The Obama administration, which has advocated for more charter schools as part of the public education solution, supports these team efforts. Earlier this year, the administration made $643 million available through Investing in Innovation grants. Some of that money promoted charter-district collaborations. In New Haven, Conn., for example, a grant awarded to Achievement First, a charter school, will place regular public school principals in charter schools for residency training. And in a collaboration outside of the grants, charter schools in Washington, D.C., which teach about 40 percent of the city’s students, signed on to the district’s Race to the Top application, agreeing to work together on designing new teacher assessments.
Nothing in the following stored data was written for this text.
Lemma is_RInt_poly_eval_pow a n m : is_RInt (fun x => poly_eval a n x * x ^ m) 0 1 (moment a n m).
Proof.
  apply (is_RInt_ext (fun x => sum_f_R0 (fun k => scal (a k) (x ^ (k + m))) n)).
  { intros x _. unfold poly_eval. rewrite (Rmult_comm _ (x ^ m)), scal_sum.
    apply sum_eq. intros k _. rewrite pow_add. unfold scal. simpl. unfold mult. simpl. ring. }
  apply is_RInt_sum. intros k _.
  replace (a k / INR (k + m + 1)) with (scal (a k) (1 / INR (k + m + 1)))
    by (unfold scal; simpl; unfold mult; simpl; field; apply not_0_INR; lia).
  apply (is_RInt_scal (fun x => x ^ (k + m))), is_RInt_pow_01.
Qed.

Lemma ex_derive_poly_eval a n x : ex_derive (poly_eval a n) x.
Proof.
  induction n as [|n IH]; unfold poly_eval in *; simpl; [auto_derive; easy|].
  apply (ex_derive_plus (fun x => sum_f_R0 (fun k => a k * x ^ k) n) (fun x => a (S n) * x ^ S n));
    [exact IH | auto_derive; easy].
Qed.

Lemma poly_eval_bound a n x : 0 <= x <= 1 ->
  Rabs (poly_eval a n x) <= sum_f_R0 (fun k => Rabs (a k)) n.
Proof.
  intros Hx. unfold poly_eval. eapply Rle_trans; [apply Rsum_abs|].
  apply sum_Rle. intros k _. rewrite Rabs_mult.
  assert (Rabs (x ^ k) <= 1).
  { rewrite <- RPow_abs, <- (pow1 k). apply pow_maj_Rabs. rewrite Rabs_Rabsolu. apply Rabs_le. lra. }
  pose proof (Rabs_pos (a k)). pose proof (Rabs_pos (x ^ k)). nra.
Qed.

Lemma infinite_sum_of_bound u I B r :
  (forall M, Rabs (sum_f_R0 u M - I) <= B * (r ^ S M / INR (fact (S M)))) -> infinite_sum u I.
Proof.
  intros Hu eps Heps.
  assert (HB : 0 < Rabs B + 1) by (pose proof (Rabs_pos B); lra).
  destruct (cv_speed_pow_fact r (eps / (Rabs B + 1))) as [N HN].
  { now apply Rdiv_lt_0_compat. }
  exists N. intros M HM. unfold R_dist.
  specialize (HN (S M) ltac:(lia)). unfold R_dist in HN. rewrite Rminus_0_r in HN.
  eapply Rle_lt_trans; [apply Hu|].
  eapply Rle_lt_trans; [apply Rle_abs|]. rewrite Rabs_mult.
  apply (Rle_lt_trans _ (Rabs B * (eps / (Rabs B + 1)))).
  - apply Rmult_le_compat_l; [apply Rabs_pos | lra].
  - apply (Rmult_lt_reg_r (Rabs B + 1)); [exact HB|].
    replace (Rabs B * (eps / (Rabs B + 1)) * (Rabs B + 1)) with (Rabs B * eps) by (field; lra).
    nra.
Qed.

Definition sin_integral (a : nat -> R) (n : nat) (ph t : R) : R :=
  RInt (fun x => poly_eval a n x * sin (x * t + ph)) 0 1.

Definition sin_moment_term (a : nat -> R) (n : nat) (ph t : R) (m : nat) : R :=
  t ^ m / INR (fact m) * sin (ph + INR m * (PI / 2)) * moment a n m.

Lemma is_RInt_sin_integral a n ph t :
  is_RInt (fun x => poly_eval a n x * sin (x * t + ph)) 0 1 (sin_integral a n ph t).
Proof.
  apply (RInt_correct (V := R_CompleteNormedModule)), ex_RInt_continuous. intros x _.
  apply (ex_derive_continuous (fun x => poly_eval a n x * sin (x * t + ph))).
  apply ex_derive_mult; [apply ex_derive_poly_eval | auto_derive; easy].
Qed.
IDEA has received nearly $5 million from the federal government, and the network has privately raised an additional $3 million to start the training center in the Valley.

First-year teachers and those recruited from elsewhere will attend the center for a few weeks of training over the summer. They will also go to multiple sessions throughout the year and can call on the center for extra help. In all, about 1,200 educators will pass through the center over the next four years.

Though teacher training centers have been around for years, cuts in state and local education budgets have forced some to close or reduce their services, said Barnett Berry, who heads the nonprofit Center for Teaching Quality, based in North Carolina. The intense pressure to raise test scores and satisfy demands of the Bush-era No Child Left Behind act had a counterintuitive effect — shifting spending to boosting test scores from improving teaching.

In South Texas, it is particularly difficult to get high quality teachers into the classrooms where the students need them most — and teacher effectiveness is the single biggest predictor of student success, according to many education reformers. The Rio Grande Valley serves as a demographic portrait of one of the most educationally underserved populations in America: overwhelmingly poor (89 percent of the students in the Pharr-San Juan-Alamo district qualify for free meals) and overwhelmingly minority (99 percent Hispanic). How the education system handles these students has “profound implications” for the challenges that demographic change will bring on a national level, said Robert Carreon, who directs Teach For America’s program there.

Most of the teachers in the rapidly growing Valley are Texas natives or from the region, like Rivera, who graduated from Pharr-San Juan-Alamo schools. The need is great, due to the continued expansion of districts like PSJA, which is one of the largest in the Valley, and the high demand for spots at IDEA, which currently has 14,000 students on the waiting list. Yet just 13 percent of adults over age 25 in the Valley have college degrees, severely limiting the hiring pool.

“South Texas really has to rely on their own homegrown talent,” said Ed Fuller, a senior research associate for the Center for Teaching Quality. “You get into this vicious cycle.”

IDEA

The San Juan Campus of Idea Public Schools

Many South Texas students who decide to enter teacher training programs have low SAT scores. When they graduate from the teacher training and earn their certification, Fuller said, many of them have also tend to score low on certification tests. Research has demonstrated that those who had low scores are often less effective teachers.

While IDEA tries to hire teachers who have at least two years of classroom experience and a record of improving classroom success, it also hires straight out of teacher preparation programs, particularly those around the state.

Selectivity in both traditional and alternative certification teacher training programs is low, Fuller said. A report from the National Council on Teacher Quality found that only four schools in Texas had a strong teacher preparation program, although one was in the Valley, in Edinburg, on the campus of the University of Texas-Pan American.

It’s time for that to change, said Tom Torkelson, founder and chief executive of IDEA.

"All we’re doing is enshrining within our K-12 education system all the kinds of race and class inequities when we don’t ensure that every child has a great teacher,” he said. “Right now, people’s ZIP codes are the most likely indicator of whether they are going to go to college and succeed."